Here is the poem in Japanese:

古池
蛙飛び込む
水の音
        —芭蕉 (1644–1694)

And here is a translation in English:

At the ancient pond
a frog plunges into
the sound of water.
        —Basho (1644–1694)

To match part of the Japanese text, in the text area marked Regular Expression, type the following:

\u6c60

This is the code point for the Japanese (Chinese) character for pond. It will be highlighted below (see Figure 6-2).

While you are here, try matching the em dash (—) with:

\u2014

Or the en dash (–) with:

\u2013

Now look at these characters in an editor.

If you have vim on your system, you can open basho.txt with it, as shown:

vim basho.txt

Now, starting with a slash (\), enter a search with this line:

/\%u6c60

followed by Enter or Return. The cursor moves to the beginning of the match, as you can see in Figure 6-3. Table 6-1 shows you your options. You can use x or X following the \% to match values in the range 0–255 (0–FF), u to match up to four hexadecimal numbers in the range 256–65,535 (100–FFFF), or U to match up to eight characters in the range 65,536–2,147,483,647 (10000–7FFFFFFF). That takes in a lot of code—a lot more than currently exist in Unicode.

You can also match characters using an octal (base 8) number, which uses the digits 0 to 7. In regex, this is done with three digits, preceded by a slash (\).

For example, the following octal number:

\351

is the same as:

\u00e9

Experiment with it in Regexpal with the Voltaire text. \351 matches é, with a little less typing.

In some implementations, such as Perl, you can match on Unicode character properties. The properties include characteristics like whether the character is a letter, number, or punctuation mark.

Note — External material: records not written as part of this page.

(* Let $(x_i^k)$, $(y_i^k)$ ($i=1,\dots,n$) and $(z^k)$ be generated by Algorithm PS (under (A1)–(A7)). Then for every $k\ge0$, every $i\in\{1,\dots,n\}$ and every $(r_i,a_i)$ with $a_i\in A_i(r_i)$, $$\langle r_i-x_i^k,\ y_i^k-(B_i+C_i+D_i)(r_i)-a_i\rangle\le\frac1{4\beta_i}\|x_i^k-G_iz^k\|^2.$$
   Context: Standing setting. Let $\mathcal H_0,\dots,\mathcal H_{n-1}$ be real Hilbert spaces ($n\ge2$) and $\mathcal H_n:=\mathcal H_0$. Conventions: $0\cdot\infty=0$, $r\cdot\infty=\infty$ for $r>0$, $1/\infty=0$, $1/0=\infty$. For each $i=1,\dots,n$: (A1) $G_i:\mathcal H_0\to\mathcal H_i$ is bounded linear and $G_n=I$; (A2) $A_i:\mathcal H_i\rightrightarrows\mathcal H_i$ is maximal monotone; (A3) $B_i:\mathcal H_i\to\mathcal H_i$ is monotone and $\ell_i$-Lipschitz, $\ell_i\in[0,\infty)$; (A4) $C_i:\mathcal H_i\to\mathcal H_i$ is $\beta_i$-cocoercive with $\beta_i\in(0,\infty]$, i.e. $\langle x-y,C_ix-C_iy\rangle\ge\beta_i\|C_ix-C_iy\|^2$ for all $x,y$ (so $\beta_i=\infty$ means $C_i$ is constant, and then $1/(4\beta_i)=0$); (A5) $D_i:\mathcal H_i\to\mathcal H_i$ is monotone and continuously differentiable with $\|D_i'(x)-D_i'(y)\|\le m_i\|x-y\|$ for all $x,y$, $m_i\in[0,\infty)$; (A6) with $T_i:=A_i+B_i+C_i+D_i$, the inclusion $0\in\sum_{i=1}^nG_i^*T_i(G_iz)$ has at least one solution $z\in\mathcal H_0$; (A7) there is $\mathcal I_D\subset\{1,\dots,n\}$ with $m_i>0$ for $i\in\mathcal I_D$ and $m_i=0$, $D_i=0$ for $i\notin\mathcal I_D$. Notation: $D_{i,(u)}(x):=D_i(u)+D_i'(u)(x-u)$; for a maximal monotone $S$, $J_S:=(S+I)^{-1}$. $\boldsymbol{\mathcal H}:=\mathcal H_0\times\mathcal H_1\times\cdots\times\mathcal H_{n-1}$ with inner product $\langle p,\tilde p\rangle_\gamma:=\gamma\langle z,\tilde z\rangle+\sum_{i=1}^{n-1}\langle w_i,\tilde w_i\rangle$ for $p=(z,w_1,\dots,w_{n-1})$, $\tilde p=(\tilde z,\tilde w_1,\dots,\tilde w_{n-1})$, and norm $\|\cdot\|_\gamma$; for such $p$ one writes $w_n:=-\sum_{i=1}^{n-1}G_i^*w_i$. The extended solution set is $\mathcal S:=\{p\in\boldsymbol{\mathcal H}: w_i\in T_i(G_iz),\ i=1,\dots,n\}$ (with $w_n$ as just defined). Algorithm PS. Input: $(z^0,w_1^0,\dots,w_{n-1}^0)\in\boldsymbol{\mathcal H}$, $0<\underline\tau<\overline\tau<2$, $0<\underline\theta<\overline\theta<2$, $\hat\rho>0$, $\hat\delta>0$, $\gamma>0$; $w_n^0:=-\sum_{i=1}^{n-1}G_i^*w_i^0$. For $k=0,1,2,\dots$: for each $i=1,\dots,n$ define $(\rho_i^k,x_i^k,y_i^k)$ as follows. (i) If $w_i^k\in T_i(G_iz^k)$: $\rho_i^k=\hat\rho$, $x_i^k=G_iz^k$, $y_i^k=w_i^k$. (ii) Otherwise, if $i\in\mathcal I_D$: $\rho_i^k>0$ and $x_i^k=J_{\rho_i^k(A_i+D_{i,(G_iz^k)})}\big(G_iz^k+\rho_i^kw_i^k-\rho_i^k(B_i+C_i)(G_iz^k)\big)$ satisfy $\underline\theta\le4\ell_i^2(\rho_i^k)^2+(\beta_i^{-1}+\hat\delta)\rho_i^k+(m_i\rho_i^k\|x_i^k-G_iz^k\|)^2\le\overline\theta$, and $y_i^k=\frac{G_iz^k-x_i^k}{\rho_i^k}+w_i^k+[B_i(x_i^k)-B_i(G_iz^k)]+[D_i(x_i^k)-D_{i,(G_iz^k)}(x_i^k)]$. (iii) Otherwise ($i\notin\mathcal I_D$): some $\rho_i^k>0$ is chosen, $x_i^k=J_{\rho_i^kA_i}\big(G_iz^k+\rho_i^kw_i^k-\rho_i^k(B_i+C_i)(G_iz^k)\big)$ and $y_i^k=\frac{G_iz^k-x_i^k}{\rho_i^k}+w_i^k+[B_i(x_i^k)-B_i(G_iz^k)]$. Then set $u_i^k=x_i^k-G_ix_n^k$ ($i=1,\dots,n-1$), $v^k=\sum_{i=1}^nG_i^*y_i^k$, $\varphi_k=\langle z^k,v^k\rangle+\sum_{i=1}^{n-1}\langle w_i^k,u_i^k\rangle-\sum_{i=1}^n\big[\langle x_i^k,y_i^k\rangle+\frac1{4\beta_i}\|x_i^k-G_iz^k\|^2\big]$, $\pi_k=\gamma^{-1}\|v^k\|^2+\sum_{i=1}^{n-1}\|u_i^k\|^2$. If $\varphi_k>0$: choose $\tau_k\in[\underline\tau,\overline\tau]$, $\alpha_k=\tau_k\varphi_k/\pi_k$, $z^{k+1}=z^k-\gamma^{-1}\alpha_kv^k$, $w_i^{k+1}=w_i^k-\alpha_ku_i^k$ ($i=1,\dots,n-1$); otherwise $z^{k+1}=z^k$, $w_i^{k+1}=w_i^k$. Finally $w_n^{k+1}=-\sum_{i=1}^{n-1}G_i^*w_i^{k+1}$. *)

From HB Require Import structures.
From mathcomp Require Import all_boot all_order all_algebra.
From mathcomp Require Import all_classical all_reals all_analysis.
Set Implicit Arguments. Unset Strict Implicit. Unset Printing Implicit Defensive.
Import Order.TTheory GRing.Theory Num.Theory.
Import numFieldNormedType.Exports.
Local Open Scope ring_scope.

HB.mixin Record CompleteNormedModule_isHilbert (R : realType) V
    of CompleteNormedModule R V := {
  inner : V -> V -> R;
  innerC : forall x y : V, inner x y = inner y x;
  innerDl : forall x y z : V, inner (x + y) z = inner x z + inner y z;
  innerZl : forall (a : R) (x y : V), inner (a *: x) y = a * inner x y;
  inner_normE : forall x : V, inner x x = `|x| ^+ 2
}.

#[short(type="hilbertType")]
HB.structure Definition Hilbert (R : realType) :=
  {V of CompleteNormedModule_isHilbert R V & CompleteNormedModule R V}.

Section Ops.
Context {R : realType} {V : hilbertType R}.

(* set-valued operators V ⇉ V are relations: [S x u] means u ∈ S(x) *)
Definition monotone_op (S : V -> V -> Prop) :=
  forall x y u v, S x u -> S y v -> 0 <= inner (x - y) (u - v).

Definition maximal_monotone (S : V -> V -> Prop) :=
  monotone_op S /\
  forall S' : V -> V -> Prop, monotone_op S' ->
    (forall x u, S x u -> S' x u) -> forall x u, S' x u -> S x u.

Definition graph_of (f : V -> V) : V -> V -> Prop := fun x u => u = f x.

Definition monotone_fun (f : V -> V) := monotone_op (graph_of f).

Definition lipschitz_with (l : R) (f : V -> V) :=
  forall x y, `|f x - f y| <= l * `|x - y|.

(* beta-cocoercive, beta in (0, +oo] (with 0 * +oo = 0) *)
Definition cocoercive (b : \bar R) (f : V -> V) :=
  forall x y, (b * (`|f x - f y| ^+ 2)%:E <= (inner (x - y) (f x - f y))%:E)%E.

Definition op_add (S : V -> V -> Prop) (f : V -> V) : V -> V -> Prop :=
  fun x u => exists s, S x s /\ u = s + f x.

Definition op_scale (rho : R) (S : V -> V -> Prop) : V -> V -> Prop :=
  fun x u => exists s, S x s /\ u = rho *: s.

(* x = J_S(u) where J_S = (S + I)^{-1}, i.e. u ∈ x + S(x) *)
Definition is_resolvent (S : V -> V -> Prop) (u x : V) := S x (u - x).

Definition lin_at (D : V -> V) (u : V) : V -> V :=
  fun x => D u + 'd D u (x - u).

Definition T_op (A : V -> V -> Prop) (B C D : V -> V) : V -> V -> Prop :=
  fun x w => exists a, A x a /\ w = a + B x + C x + D x.

End Ops.

(* 1/b for b in (0,+oo], with 1/(+oo) = 0 *)
Definition ext_inv {R : realType} (b : \bar R) : R :=
  match b with EFin r => r^-1 | _ => 0 end.

(* Algorithm PS.  Indices: the paper's i = 1..n is j : 'I_p.+1 with     *)
(* i = j+1 (so n = p+1); the paper's H_n = H_0 is [H ord_max].           *)
Section PS.
Context {R : realType} {p : nat} (H : 'I_p.+1 -> hilbertType R).
Local Notation H0 := (H ord_max).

I’ll now introduce you to ack, a command-line tool written in Perl that acts a lot like grep (see http://betterthangrep.com). It won’t come on your system; you have to download and install it yourself (see Technical Notes).

We’ll use ack on an excerpt from Friederich Schiller’s “An die Freude,” composed in 1785 (German, if you can’t tell):

An die Freude.

Freude, schöner Götterfunken,
Tochter aus Elisium,
Wir betreten feuertrunken
Himmlische, dein Heiligthum.
Deine Zauber binden wieder,
was der Mode Schwerd getheilt;
Bettler werden Fürstenbrüder,
wo dein sanfter Flügel weilt.

Seid umschlungen, Millionen!
Diesen Kuß der ganzen Welt!
Brüder, überm Sternenzelt
muß ein lieber Vater wohnen.

There are a few interesting characters in this excerpt, beyond ASCII’s small realm. We’ll look at the text of this poem through properties. (If you would like a translation of this poem fragment, you can drop it into Google Translate.

Using ack on a command line, you can specify that you want to see all the characters whose property is Letter (L):

ack '\pL' schiller.txt

This will show you all the letters highlighted. For lowercase letters, use Ll, surrounded by braces:

ack '\p{Ll}' schiller.txt

You must add the braces. For uppercase, it’s Lu:

ack '\p{Lu}' schiller.txt

To specify characters that do not match a property, we use uppercase P:

ack '\PL' schiller.txt

This highlights characters that are not letters.

The following finds those that are not lowercase letters:

ack '\P{Ll}' schiller.txt

And this highlights the ones that are not uppercase:

ack '\P{Lu}' schiller.txt

You can also do this in yet another browser-based regex tester, http://regex.larsolavtorvik.com. Figure 6-4 shows the Schiller text with its lowercase letters highlighted using the lowercase property (\p{Ll}).

Table 6-2 lists character property names for use with \p{property} or \P{property} (see pcresyntax(3) at http://www.pcre.org/pcre.txt). You can also match human languages with properties; see Table A-8.

How do you match control characters? It’s not all that common that you will search for control characters in text, but it’s a good thing to know. In the example repository or archive, you’ll find the file ascii.txt, which is a 128-line file that contains all the ASCII characters in it, each on separate line (hence the 128 lines). When you perform a search on the file, it will usually return a single line if it finds a match. This file is good for testing and general fun.

In regular expressions, you can specify a control character like this:

\cx

where x is the control character you want to match.

Let’s say, for example, you wanted to find a null character in a file. You can use Perl to do that with the following command:

perl -n -e 'print if /\c@/' ascii.txt

Provided that you’ve got Perl on your system and it’s running properly, you will get this result:

0. Null

The reason why is that there is a null character on that line, even though you can’t see the character in the result.

You can also use \0 to find a null character. Try this, too:

perl -n -e 'print if /\0/' ascii.txt

Pressing on, you can find the bell (BEL) character using:

perl -n -e 'print if /\cG/' ascii.txt

It will return the line:

7. Bell

Or you can use the shorthand:

perl -n -e 'print if /\a/' ascii.txt

To find the escape character, use:

perl -n -e 'print if /\c[/' ascii.txt

which gives you:

27. Escape

Or do it with a shorthand:

perl -n -e 'print if /\e/' ascii.txt

How about a backspace character? Try:

perl -n -e 'print if /\cH/' ascii.txt

which spits back:

8. Backspace

You can also find a backspace using a bracketed expression:

perl -n -e 'print if /[\b]/' ascii.txt

Without the brackets, how would \b be interpreted? That’s right, as a word boundary, as you learned in Chapter 2. The brackets change the way the \b is understood by the processor. In this case, Perl sees it as a backspace character.

Table 6-3 lists the ways we matched characters in this chapter.

That wraps things up for this chapter. In the next, you’ll learn more about quantifiers.